I only need one solution so I'm wondering if there is a method to save time by generating only a single solution. Perhaps I could do that by specifying a specific set of variables to solve for but I don't know how to do that in advance.

I understand that the GroebnerBasis routine is used in Solve under the hood with multinomial equations but I'm only partly familiar with its use.

4 Replies

Is there some reason not to use FindInstance from the outset?

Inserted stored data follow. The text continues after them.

Lemma truthful_payoff_ge0 : 0 <= payoff St i v.
Proof.
have before m : (m < i)%N -> outcome St m i = None.
  move=> lt; have mi : m <> i by move=> e; rewrite e ltnn in lt.
  by have [_ /outcome_None] := absent_step St None mi (run_absent (sg := St) (ltnW lt)).
have [z|p] := posnP (sinv (run St i)); last first.
  by rewrite (arrival_sale_payoff v ev_i before p) St_i /=; case: ifP => // /ltW; rewrite subr_ge0.
have before' m : (m < i.+1)%N -> outcome St m i = None.
  rewrite ltnS leq_eqVlt => /orP[/eqP->|/before//].
  by apply: outcome_None; rewrite (step_survival _ _ ev_i z).
case: (payoff_first_served v before') => [->//|[n le [before'' sn]]].
case: (payoff_served v le before'' sn) => [e _ Q ei|w qw wi _ ww]; case: ifP => // _.
  have qe : List.In e (squeue (run St n)) by rewrite Q; left.
  by have [re _] := run_truthful_entry St_i v_ge0 qe ei; rewrite subr_ge0.
have [rw _] := run_truthful_entry St_i v_ge0 qw wi.
by rewrite (truthful_bidof qw wi) in ww; rewrite subr_ge0; apply: cutoff_le rw ww.
Qed.

Section FirstAuction.
Variables (a : nat) (estar : entry).
Hypotheses (ia : (i < a)%N) (Ea : ev a = Good R) (same_a : run Ss a = run St a)
  (qestar : List.In estar (squeue (run St a))) (estar_i : eid estar = i)
  (estar_active : estat estar = Active R) (estar_v : eres estar <= v)
  (beforeT : forall m, (m < a)%N -> outcome St m i = None)
  (beforeS : forall m, (m < a)%N -> outcome Ss m i = None).

Local Notation r := (eres estar).
Local Notation b := (Num.max (eres estar) (bid s (ehist estar) (tm a))).

Lemma estar_uniq e : List.In e (squeue (run St a)) -> eid e = i -> e = estar.
Proof. by move=> qe ei; apply: run_uniq_i qe qestar ei estar_i. Qed.

Lemma reserve_le_estar e : List.In e (squeue (run St a)) -> eid e = i -> eres e <= r.
Proof. by move=> qe ei; rewrite (estar_uniq qe ei). Qed.

Lemma fixed_bid_truthful e : List.In e (squeue (run St a)) -> fixed_bid None St a v e.
Proof.
move=> qe ei; rewrite (estar_uniq qe ei); split=> //; right.
by rewrite /eff_stat estar_active St_i /= max_r.
Qed.

Lemma fixed_bid_deviation e : List.In e (squeue (run Ss a)) -> fixed_bid None Ss a b e.
Proof.
rewrite same_a => qe ei; rewrite (estar_uniq qe ei); split; first by rewrite le_max lexx.
by right; rewrite /eff_stat estar_active Ss_i.
Qed.
Lemma swap_at_lt_noncut v l : (l - x - 1) mod k <> 0 -> (swap_at k x v < l <-> v < l).
Proof.
  intros Hl. destruct (swap_at_cases v) as [[C E]|[[C E]|[_ [_ E]]]]; rewrite E; [| |tauto].
  - assert (v <> l - 1); [|lia].
    intros ->. apply Hl. replace (l - x - 1) with (l - 1 - x) by lia. auto.
  - assert (v <> l) by (intros ->; auto). lia.
Qed.

Lemma swap_at_lt_cut v l : (l - x - 1) mod k = 0 -> (swap_at k x v < l <-> v < l - 1 \/ v = l).
Proof.
  intros Hl. destruct (swap_at_cases v) as [[C E]|[[C E]|[C [C' E]]]]; rewrite E.
  - assert (v <> l); [|lia].
    intros ->. apply (mod_eq0_succ_false k (l - x)); auto.
  - assert (v <> l - 1); [|lia].
    intros ->. apply (mod_eq0_succ_false k (l - x - 1)); auto.
    replace (l - x - 1 - 1) with (l - 1 - x - 1) by lia. auto.
  - assert (v <> l) by (intros ->; auto).
    assert (v <> l - 1); [|lia].
    intros ->. apply C. replace (l - 1 - x) with (l - x - 1) by lia. auto.
Qed.

Lemma swap_at_lt_mono u v : v < u -> ~ ((v - x) mod k = 0 /\ u = v + 1) ->
  swap_at k x v < swap_at k x u.
Proof.
  intros H N.
  assert (Nsucc : (v - x) mod k <> 0 -> (u - x - 1) mod k = 0 -> u <> v + 1).
  { intros Cv Cu E. subst. replace (v + 1 - x - 1) with (v - x) in Cu by lia. auto. }
  destruct (swap_at_cases v) as [[Cv Ev]|[[Cv Ev]|[Cv [_ Ev]]]];
  destruct (swap_at_cases u) as [[Cu Eu]|[[Cu Eu]|[_ [Cu Eu]]]];
  rewrite Ev, Eu; try lia.
  - destruct (Z.eq_dec u (v + 2)) as [E|]; [|lia]. subst. exfalso.
    apply (mod_eq0_succ_false k (v - x + 1)); auto.
    + replace (v - x + 1) with (v + 2 - x - 1) by lia. auto.
    + replace (v - x + 1 - 1) with (v - x) by lia. auto.
Qed.

End SwapAt.

Lemma descent_exists (g : Z -> Z) :
  forall (n : nat) v u, u = v + Z.of_nat n -> g u < g v -> exists x, g (x + 1) < g x.
Proof.
  induction n; intros v u Hu H.
  - subst. rewrite Z.add_0_r in H. lia.
  - destruct (Z.lt_ge_cases (g (v + 1)) (g v)); [eauto|].
    apply (IHn (v + 1) u); lia.
Qed.

Section Peel.
Variables (k : Z) (beta g : Z -> Z).
Hypothesis Hk : 2 <= k.
Hypothesis bg : forall x, beta (g x) = x.
Hypothesis gb : forall x, g (beta x) = x.
Hypothesis Hsh : forall n, beta (n + k) = beta n + k.

Let g_mult := shift_mult k g (shift_comm_inverse k beta g bg gb Hsh).
Let beta_mult := shift_mult k beta Hsh.

Lemma inversion_swap_at x : g (x + 1) < g x -> forall p,
  inversion (fun n => swap_at k x (beta n)) p <->
  inversion beta p /\ ~ kequiv k p (g (x + 1), g x).
Proof.
  intros Hd [p1 p2]. unfold inversion. simpl. split.
  - intros [H1 H2]. assert (Ord : beta p2 < beta p1).
    { destruct (classic ((swap_at k x (beta p2) - x) mod k = 0 /\
                         swap_at k x (beta p1) = swap_at k x (beta p2) + 1)) as [[C1 C2]|C].
      - exfalso. destruct (mod_eq0_mul k _ ltac:(lia) C1) as [j Hj].
        assert (E2 : swap_at k x (beta p2) = x + j * k) by lia.
        rewrite E2 in C2.
        assert (beta p2 = x + 1 + j * k).
        { rewrite <- (swap_at_involutive k x Hk (beta p2)), E2, swap_at_low; lia. }
        assert (beta p1 = x + j * k).
        { rewrite <- (swap_at_involutive k x Hk (beta p1)), C2.
          replace (x + j * k + 1) with (x + 1 + j * k) by lia. rewrite swap_at_high; lia. }
        assert (p2 = g (x + 1) + j * k) by (rewrite <- (gb p2), H, g_mult; auto).
        assert (p1 = g x + j * k) by (rewrite <- (gb p1), H0, g_mult; auto).
        lia.
      - pose proof (swap_at_lt_mono k x Hk (swap_at k x (beta p1)) (swap_at k x (beta p2))
                      ltac:(lia) C) as M.
        rewrite !swap_at_involutive in M by lia. lia. }
    split; [split; auto; lia|].
    intros E. apply kequivP in E. destruct E as [j Hj]. inversion Hj; subst.
    rewrite !beta_mult, !bg, swap_at_high, swap_at_low in H2 by lia. lia.
  - intros [[H1 H2] N]. split; auto.
    apply Z.lt_gt, swap_at_lt_mono; auto; [lia|]. intros [C1 C2]. apply N.
    destruct (mod_eq0_mul k _ ltac:(lia) C1) as [j Hj].
    apply kequivP. exists j. f_equal.
    + rewrite <- (gb p1). replace (beta p1) with ((x + 1) + j * k) by lia. apply g_mult.
    + rewrite <- (gb p2). replace (beta p2) with (x + j * k) by lia. apply g_mult.
Qed.

Lemma peel_inversion_class t : is_num_inv_classes k beta (S t) ->
  exists x, g (x + 1) < g x /\ is_num_inv_classes k (fun n => swap_at k x (beta n)) t.
Proof.
  intros [L [N [Len [Inv [Pw Cov]]]]].
  destruct L as [|p0 L0]; [simpl in Len; lia|].
  destruct (Inv p0 (or_introl eq_refl)) as [Hlt Hgt].
  destruct (descent_exists g (Z.to_nat (beta (fst p0) - beta (snd p0))) (beta (snd p0)) (beta (fst p0))
              ltac:(lia) ltac:(rewrite !gb; lia)) as [x Hx].
  exists x. split; auto.
  set (L := p0 :: L0) in *.
  assert (I0 : inversion beta (g (x + 1), g x)) by (unfold inversion; simpl; rewrite !bg; lia).
  destruct (Cov _ I0) as [q [Hq Eq]].
  destruct (in_split _ _ Hq) as [L1 [L2 HL]].
  exists (L1 ++ L2). rewrite HL in N, Len.
  assert (Nq : ~ In q (L1 ++ L2)) by (eapply NoDup_remove_2; eauto).
  split; [eapply NoDup_remove_1; eauto|].
  split; [rewrite length_app in *; simpl in Len; lia|].
  assert (Sub : forall p, In p (L1 ++ L2) -> In p L).
  { intros p Hp. rewrite HL. apply in_app_or in Hp. apply in_or_app. simpl. tauto. }
  split; [|split].
  - intros p Hp. apply inversion_swap_at; auto. split; [apply Inv, Sub; auto|].
    intros E. assert (p = q) by (apply Pw; auto; eapply kequiv_trans; eauto).
    subst; auto.
  - intros p q' Hp Hq'. apply Pw; auto.
  - intros p Hp. apply inversion_swap_at in Hp; auto. destruct Hp as [Ip Np].
    destruct (Cov p Ip) as [q' [Hq' E']].
    rewrite HL in Hq'. apply in_app_or in Hq'. destruct Hq' as [H|[H|H]].
    + exists q'. split; auto. apply in_or_app; auto.
    + subst. exfalso. apply Np. eapply kequiv_trans; [eauto|]. apply kequiv_sym; auto.
    + exists q'. split; auto. apply in_or_app; auto.
Qed.

End Peel.

(* [swap_kernel k x l m] is [s_fun (swap_at k x) l m]. *)
Definition swap_kernel (k x l m : Z) : nat :=
  if l <? m then 0%nat
  else (Z.to_nat (l - m) + if Z.eqb l m && Z.eqb ((l - x - 1) mod k) 0 then 1 else 0)%nat.

Section SwapKernel.
Variables (k x : Z) (beta g : Z -> Z).
Hypothesis Hk : 2 <= k.
Hypothesis F : s_finite beta.
Hypothesis bg : forall y, beta (g y) = y.
Hypothesis gb : forall y, g (beta y) = y.
Hypothesis Asc : forall l, (l - x - 1) mod k = 0 -> g (l - 1) < g l.

Lemma s_fun_swap_at_cut l b : (l - x - 1) mod k = 0 ->
  s_fun (fun n => swap_at k x (beta n)) l b =
  (s_fun beta (l - 1) b + if Z.leb b (g l) then 1 else 0)%nat.
Proof.
  intros C. destruct (F (l - 1) b) as [c Hc]. unfold s_fun. rewrite (card_eq _ _ Hc).
  apply card_eq. destruct (Z.leb_spec b (g l)).
  - rewrite Nat.add_1_r. eapply is_card_ext; [|apply (is_card_add _ _ (g l) Hc)].
    + intros z. rewrite swap_at_lt_cut by auto. split.
      * intros [[H1 H2]| ->]; split; auto; lia || (rewrite bg; lia).
      * intros [H1 [H2| H2]]; [left; auto| right; rewrite <- H2, gb; auto].
    + simpl. rewrite bg. lia.
  - rewrite Nat.add_0_r. eapply is_card_ext; [|apply Hc].
    intros z. rewrite swap_at_lt_cut by auto. split.
    + intros [H1 H2]; split; auto.
    + intros [H1 [H2|H2]]; split; auto. exfalso. rewrite <- H2, gb in H. lia.
Qed.

Lemma s_fun_swap_at_noncut l b : (l - x - 1) mod k <> 0 ->
  s_fun (fun n => swap_at k x (beta n)) l b = s_fun beta l b.
Proof.
  intros C. unfold s_fun. apply card_ext. intros z. rewrite swap_at_lt_noncut by auto. tauto.
Qed.

(* The Demazure identity for the length-additive product [swap_at k x] * [beta]. *)
Lemma s_fun_swap_at_min l b :
  is_min (fun m => (swap_kernel k x l m + s_fun beta m b)%nat)
         (s_fun (fun n => swap_at k x (beta n)) l b).
Proof.
  set (s := fun m => s_fun beta m b).
  assert (Sv : forall m, s (m + 1) = (s m + if Z.leb b (g m) then 1 else 0)%nat)
    by (intros m; apply s_fun_step_value; auto).
  assert (Inc : forall m, (s m <= s (m + 1)%Z <= s m + 1)%nat)
    by (intros m; rewrite Sv; destruct (Z.leb _ _); lia).
  assert (Up : forall m, l < m -> (s (l + 1)%Z <= s m)%nat)
    by (intros m Hm; apply (lipschitz_nondecr_le s Inc); lia).
  assert (Dn : forall m, m < l -> Z.of_nat (s (l - 1)) <= Z.of_nat (s m) + (l - 1 - m))
    by (intros m Hm; apply (lipschitz_nondecr_le s Inc); lia).
  assert (Sl : s l = (s (l - 1)%Z + if Z.leb b (g (l - 1)) then 1 else 0)%nat)
    by (rewrite <- Sv; f_equal; lia).
  subst s. cbv beta in *. unfold swap_kernel.
  destruct (Z.eq_dec ((l - x - 1) mod k) 0) as [C|C].
  - rewrite s_fun_swap_at_cut by auto.
    pose proof (Asc l C) as A. pose proof (Sv l) as Sl1.
    split.
    + destruct (Z.leb_spec b (g l)).
      * exists (l - 1). rewrite (proj2 (Z.ltb_ge _ _)), (proj2 (Z.eqb_neq l (l - 1))) by lia.
        replace (l - (l - 1)) with 1 by lia. simpl. lia.
      * exists (l + 1). rewrite (proj2 (Z.ltb_lt _ _)) by lia.
        rewrite Sl1, Sl. destruct (Z.leb_spec b (g l)); [lia|].
        destruct (Z.leb_spec b (g (l - 1))); lia.
    + intros m. destruct (Z.ltb_spec l m).
      * specialize (Up m H). rewrite Sl1, Sl in Up. destruct (Z.leb _ _), (Z.leb _ _); simpl; lia.
      * destruct (Z.eqb_spec l m).
        -- subst. rewrite C, Z.sub_diag. simpl. rewrite Sl.
           destruct (Z.leb _ (g m)), (Z.leb _ (g (m - 1))); lia.
        -- specialize (Dn m ltac:(lia)). simpl. destruct (Z.leb b (g l)); lia.
  - rewrite s_fun_swap_at_noncut by auto. split.
    + exists l. rewrite Z.ltb_irrefl, Z.eqb_refl, Z.sub_diag, (proj2 (Z.eqb_neq _ _) C). simpl. lia.
    + intros m. destruct (Z.ltb_spec l m).
      * specialize (Up m H). rewrite Sv in Up. destruct (Z.leb _ _); lia.
      * destruct (Z.eqb_spec l m); [subst; lia|].
        specialize (Dn m ltac:(lia)). rewrite Sl. simpl. destruct (Z.leb _ _); lia.
Qed.

End SwapKernel.
Lemma dfs_start_inv l st v : v \in l -> dfs_inv l st ->
  [/\ dfs_inv l (dfs_start st v), v \in visited (dfs_start st v) &
      {subset visited st <= visited (dfs_start st v)}].
Proof.
move=> v_l inv; rewrite /dfs_start; case: ifP => [v_in|/negbT v_new]; first by split.
have [uniq_st orph arcs closed [lab [lab_arc lab_spec]]] := inv.
have pre : visit_pre n.+1 v st.
  by split=> // [|x x_new _]; [rewrite addSn ltnS leq_addr | apply: orph].
have [[grow' uniq' keep' orph' [reach' arcs' closed']] closed_v] := visit_spec pre.
set st' := visit A g n.+1 v st in grow' uniq' keep' orph' reach' arcs' closed' closed_v *.
have grow : {subset visited st <= visited st'}.
  by move=> x x_in; apply: grow'; rewrite inE x_in orbT.
have v_in : v \in visited st' by apply: grow'; rewrite mem_head.
split=> //; split=> //.
- move=> x y /arcs' [/arcs [gyx x_in y_in]|[_ gyx /andP[y_in _] /andP[x_in _]]] //.
  by split=> //; apply: grow.
- move=> x x_in w gxw; case: (boolP (x \in visited st)) => [x_old|x_new].
    exact/grow/(closed x x_old w gxw).
  case: (eqVneq x v) => [xv|xv]; first by apply: closed_v; rewrite -xv.
  by apply: closed' xv w gxw; rewrite /fresh x_in.
exists (fun x => if x \in visited st then lab x else v); split.
  move=> x y /arcs' [pxy|[_ _ /andP[_ /negbTE ->] /andP[_ /negbTE ->]]] //.
  by have [_ -> ->] := arcs _ _ pxy; apply: lab_arc.
move=> w w_in; case: ifP => [w_old|/negbT w_new].
  have [l_lab old_lab root_lab reach_lab] := lab_spec w w_old; split=> //.
  - exact: grow.
  - case E: (par st' (lab w)) => [y|//].
    by case/arcs': E => [|[_ _ _ /andP[_]]]; rewrite ?root_lab ?old_lab.
  - by apply: connect_subrel reach_lab => a b /eqP /keep' /eqP.
split=> //.
- case E: (par st' v) => [y|//].
  by case/arcs': E => [|[]]; rewrite ?orph ?eqxx.
- by apply: reach'; rewrite /fresh w_in.
Qed.

Lemma dfs_fold_inv l s st : {subset s <= l} -> dfs_inv l st ->
  let st' := foldl dfs_start st s in
  [/\ dfs_inv l st', {subset s <= visited st'} & {subset visited st <= visited st'}].
Proof.
elim: s st => [|v s IH] st s_l inv /=; first by split.
have [inv1 v_in1 grow1] := dfs_start_inv (s_l v (mem_head _ _)) inv.
have s_l' : {subset s <= l} by move=> z z_in; rewrite s_l // inE z_in orbT.
have [inv2 s_in2 grow2] := IH _ s_l' inv1.
split=> // z; first by case/predU1P => [->|/s_in2 //]; apply: grow2.
by move/grow1/grow2.
Qed.

Lemma dfs_forest_spec l : (forall v, exists2 r, r \in l & connect g r v) ->
  let F := dfs_forest A g l in
  (forall x y, F x = Some y -> g y x) /\
  exists lab : 'I_n -> 'I_n,
    (forall x y, connect (usym (forest_graph F)) x y -> lab x = lab y) /\
    forall v, [/\ lab v \in l, F (lab v) = None & connect (forest_graph F) (lab v) v].
Proof.
move=> reach F; have inv0 : dfs_inv l (DS [::] (fun _ => None)) by split=> //; exists id.
have [[_ _ arcs closed [lab [lab_arc lab_spec]]] l_in _] :=
  dfs_fold_inv (fun x h => h) inv0.
have -> : F = par (foldl dfs_start (DS [::] (fun _ => None)) l) by [].
set st := foldl _ _ _ in arcs closed lab_arc lab_spec l_in *.
have all_in v : v \in visited st.
  have [r r_l rv] := reach v.
  exact: connect_fwd_closed (fun x y gxy x_in => closed x x_in y gxy) _ _ rv (l_in r r_l).
split; first by move=> x y /arcs[].
exists lab; split; last by move=> v; have [] := lab_spec v (all_in v).
by apply: connect_usym_eq => x y /eqP /lab_arc.
Qed.

End DFS.

Section Rounds.
Variables (R : realFieldType) (n : nat) (A : 'I_n -> R).

Lemma rooted_dfs_reach_one l : perm_eq l (enum 'I_n) ->
  let F := dfs_forest A (reach_one_graph A) l in
  rooted A (forest_graph F) (roots_in l F).
Proof.
move=> l_perm F; have l_all v : v \in l by rewrite (perm_mem l_perm) mem_enum.
have reach_l v : exists2 r, r \in l & connect (reach_one_graph A) r v by exists v.
have [F_g [lab [lab_conn lab_spec]]] := dfs_forest_spec A reach_l.
rewrite -/F in F_g lab_conn lab_spec.
have lab_root r : F r = None -> lab r = r.
  move=> Fr; have [_ _] := lab_spec r; apply: connect_no_in_arc => z.
  by rewrite /forest_graph Fr.
split.
- by move=> x y /eqP /F_g /and3P[_ _ /ltW].
- move=> v; have [l_lab root_lab reach_lab] := lab_spec v.
  by exists (lab v); [rewrite mem_filter root_lab eqxx | apply: connect_usym].
- move=> r; rewrite mem_filter => /andP[/eqP Fr _] v /lab_conn.
  by rewrite lab_root // => ->; case: (lab_spec v).
- by rewrite filter_uniq // (perm_uniq l_perm) enum_uniq.
Qed.

Hypothesis injA : injective A.

Lemma rooted_dfs_forest g rs : rooted A g rs ->
  rooted A (forest_graph (dfs_forest A g rs)) rs.
Proof.
move=> rooted_rs; have [g_homo cover reach uniq_rs] := rooted_rs.
have reach_rs v : exists2 r, r \in rs & connect g r v.
  by have [r rs_r rv] := cover v; exists r; last exact: reach.
have [F_g [lab [lab_conn lab_spec]]] := dfs_forest_spec A reach_rs.
set F := dfs_forest A g rs in F_g lab_conn lab_spec *.
have Fg : subrel (forest_graph F) g by move=> x y /eqP /F_g.
have lab_root r : r \in rs -> lab r = r.
  move=> rs_r; have [l_lab _ reach_lab] := lab_spec r.
  apply: (rooted_roots_eq injA rooted_rs) => //.
  exact/connect_usym/(connect_subrel Fg).
split=> //.
- by move=> x y /Fg /g_homo.
- move=> v; have [l_lab _ reach_lab] := lab_spec v.
  by exists (lab v); last apply: connect_usym.
- move=> r rs_r v /lab_conn; rewrite lab_root // => ->.
  by case: (lab_spec v).
Qed.

Lemma rooted_round F rs i : rooted A (merge_subtrees A F) rs -> (0 < i)%N ->
  rooted A (forest_graph (round A F rs i).1) (round A F rs i).2 /\
  size (round A F rs i).2 = iter i uphalf (size rs).
Proof.
move=> rooted_rs; case: i => // i _; rewrite /round /=.
elim: i => [|i [rooted_i size_i]].
  have [rooted1 size1] := rooted_merge_step injA rooted_rs.
  by split; [apply: rooted_dfs_forest | rewrite /= size1].
rewrite iterS [iter i.+1 _ _]iterS -size_i.
have [rooted' size'] := rooted_merge_step injA rooted_i.
by split; [apply: rooted_dfs_forest | rewrite /= size'].
Qed.

End Rounds.

Theorem corollary5 (R : realFieldType) (n : nat) (A : 'I_n -> R)
    (l : seq 'I_n) :
  (0 < n)%N -> injective A -> perm_eq l (enum 'I_n) ->
  let F := dfs_forest A (reach_one_graph A) l in
  one_component F \/
  exists i : nat, (0 < i)%N /\ one_component (round A F (roots_in l F) i).1.
Proof.
move=> n_gt0 injA l_perm F; right.
have rooted_F : rooted A (forest_graph F) (roots_in l F).
  exact: rooted_dfs_reach_one.
have k_gt0 := rooted_size_gt0 n_gt0 rooted_F.
exists (size (roots_in l F)); split=> //.
have [rooted_k size_k] := rooted_round injA (rooted_merge_subtrees rooted_F) k_gt0.
by apply: rooted_size1_connected rooted_k _; rewrite size_k iter_uphalf_eq1.
Qed.
Lemma subexponential_series_lmul f c :
  subexponential_series c -> subexponential_series (lmul f c).
Proof.
move=> sc e e_gt0; have [K bound] := sc e e_gt0; have K_ge0 := series_bound_ge0 bound.
have e1_ge1 : 1 <= 1 + e by rewrite lerDl ltW.
exists (\sum_(i < size (lp f)) (`|(lp f)`_i|)%:~R * (K * (1 + e) ^+ (`|lsh f|%N + i)%N)) => m.
rewrite mulr_suml /lmul intr_norm rmorph_sum /=.
apply: le_trans (ler_norm_sum _ _ _) _; apply: ler_sum => i _.
rewrite rmorphM /= normrM -!intr_norm -mulrA ler_wpM2l ?ler0z //.
apply: le_trans (bound _) _; rewrite -mulrA ler_wpM2l // -exprD ler_weXn2l //.
lia.
Qed.

Lemma subexponential_left_tail (R : archiNumFieldType) c (j : int) :
  subexponential_series c -> subexponential (fun k => (c (j - k%:Z))%:~R : R).
Proof.
move=> sc g g_gt1; have [e [e_gt0 le_e_g]] := exists_ratr_gt1_le g_gt1.
have [K bound] := sc e e_gt0; have K_ge0 := series_bound_ge0 bound.
have e1_ge1 : 1 <= 1 + e by rewrite lerDl ltW.
exists (ratr (K * (1 + e) ^+ `|j|%N)) => k.
apply: le_trans (_ : ratr (K * (1 + e) ^+ `|j|%N * (1 + e) ^+ k) <= _).
  rewrite -intr_norm -ratr_int ler_rat; apply: le_trans (bound _) _.
  by rewrite -mulrA -exprD ler_wpM2l // ler_weXn2l //; lia.
have e1_ge0 : 0 <= 1 + e := le_trans ler01 e1_ge1.
have r_ge0 : 0 <= ratr (1 + e) :> R by rewrite ler0q.
rewrite rmorphM /= rmorphXn /=; apply: ler_wpM2l; first by rewrite ler0q mulr_ge0 ?exprn_ge0.
by apply: lerXn2r; rewrite // nnegrE (le_trans r_ge0).
Qed.

Lemma hyperbolic_lp f : hyperbolic f ->
  map_poly intr (lp f) != 0 :> {poly algC} /\ no_unit_root (map_poly intr (lp f) : {poly algC}).
Proof.
move=> hf; split.
  by apply: contraTneq (hf 1 (normr1 _)) => Q0; rewrite /leval Q0 horner0 mulr0 eqxx.
by move=> z /hf; rewrite /leval mulf_eq0 negb_or => /andP[].
Qed.

Lemma lmul_left_tail (R : numDomainType) f c (j : int) k :
  ((lmul f c (j - k%:Z + lsh f))%:~R : R) =
  poly_shift (map_poly intr (lp f)) (fun k => (c (j - k%:Z))%:~R) k.
Proof.
rewrite /poly_shift size_map_inj_poly ?mulr0z //; last exact: intr_inj.
rewrite /lmul rmorph_sum; apply: eq_bigr => i _; rewrite coef_map rmorphM /=.
by rewrite addrK PoszD opprD addrA.
Qed.

Lemma almost_convergent_lmul f c d :
  d =1 lmul f c -> almost_convergent c -> almost_convergent d.
Proof.
move=> def_d /subexponential_seriesP /(subexponential_series_lmul f) sd.
by apply/subexponential_seriesP => e /sd[K bound]; exists K => m; rewrite def_d.
Qed.

Lemma left_finite_lmul f c d : d =1 lmul f c -> left_finite c -> left_finite d.
Proof.
move=> def_d [m c0]; exists (m + lsh f) => n lt_n.
by rewrite def_d /lmul big1 // => i _; rewrite c0 ?mulr0 //; lia.
Qed.

Lemma left_finite_of_lmul f c d : hyperbolic f -> d =1 lmul f c ->
  almost_convergent c -> left_finite d -> left_finite c.
Proof.
move=> /hyperbolic_lp[Q_neq0 Q_roots] def_d /subexponential_seriesP sc [m d0].
set j := m - lsh f - 1.
have [|N tail0] := eventually0_of_poly_shift Q_neq0 Q_roots (subexponential_left_tail j sc).
  by move=> k; rewrite -lmul_left_tail -def_d d0 // /j; lia.
clearbody j; exists (j - N%:Z + 1) => n lt_n.
have abs_jn : `|j - n|%N = j - n :> int by apply: gez0_abs; lia.
have := tail0 `|j - n|%N; rewrite abs_jn subKr; apply; lia.
Qed.

Theorem mainTheorem2 (f : laurent) (hf : hyperbolic f) (d : series) :
  ((exists c : series, almost_convergent c /\ forall n, d n = lmul f c n)
     /\ Zac_half d)
  <-> (exists c : series, Zac_half c /\ forall n, d n = lmul f c n).
Proof.
split.
- move=> [[c [ac_c def_d]] [ac_d left_d]]; exists c; split => //; split => //.
  exact: left_finite_of_lmul hf def_d ac_c left_d.
- move=> [c [[ac_c left_c] def_d]]; split; first by exists c.
  split; first exact: almost_convergent_lmul def_d ac_c.
  exact: left_finite_lmul def_d left_c.
Qed.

FindInstance[canonicalEquations == 0, 
 Variables[canonicalEquations]]

(* Out[298]= {{a[1, 1] -> -1, a[1, 2] -> 5, a[1, 3] -> 11/4, 
  a[1, 4] -> 53/4, a[2, 1] -> -1, a[2, 2] -> 1, a[2, 3] -> 7/4, 
  a[2, 4] -> 41/4}} *)
POSTED BY: Daniel Lichtblau

Many thanks Daniel, that works pretty well and is simpler. Trying to factor a 5-form in 7-dimensional space using Solve I aborted the calculation after 15 minutes. Using FindInstance took 6 seconds. A significant improvement!

using FindMinimum with an objective function of 0 and the canonicalEquations as constraints would give you a numerical solution to your equations.

POSTED BY: Frank Kampas

Thank you Frank. This method is somewhat problematic. It sometimes gives a solution but other times doesn't ( saying possible infeasibility detected) when I know there is a solution because the equations were generated from a factored case that was then expanded to give the input.

Also FindMinimum gives Real answers while Solve with give Integer or Rational answers with Integer input.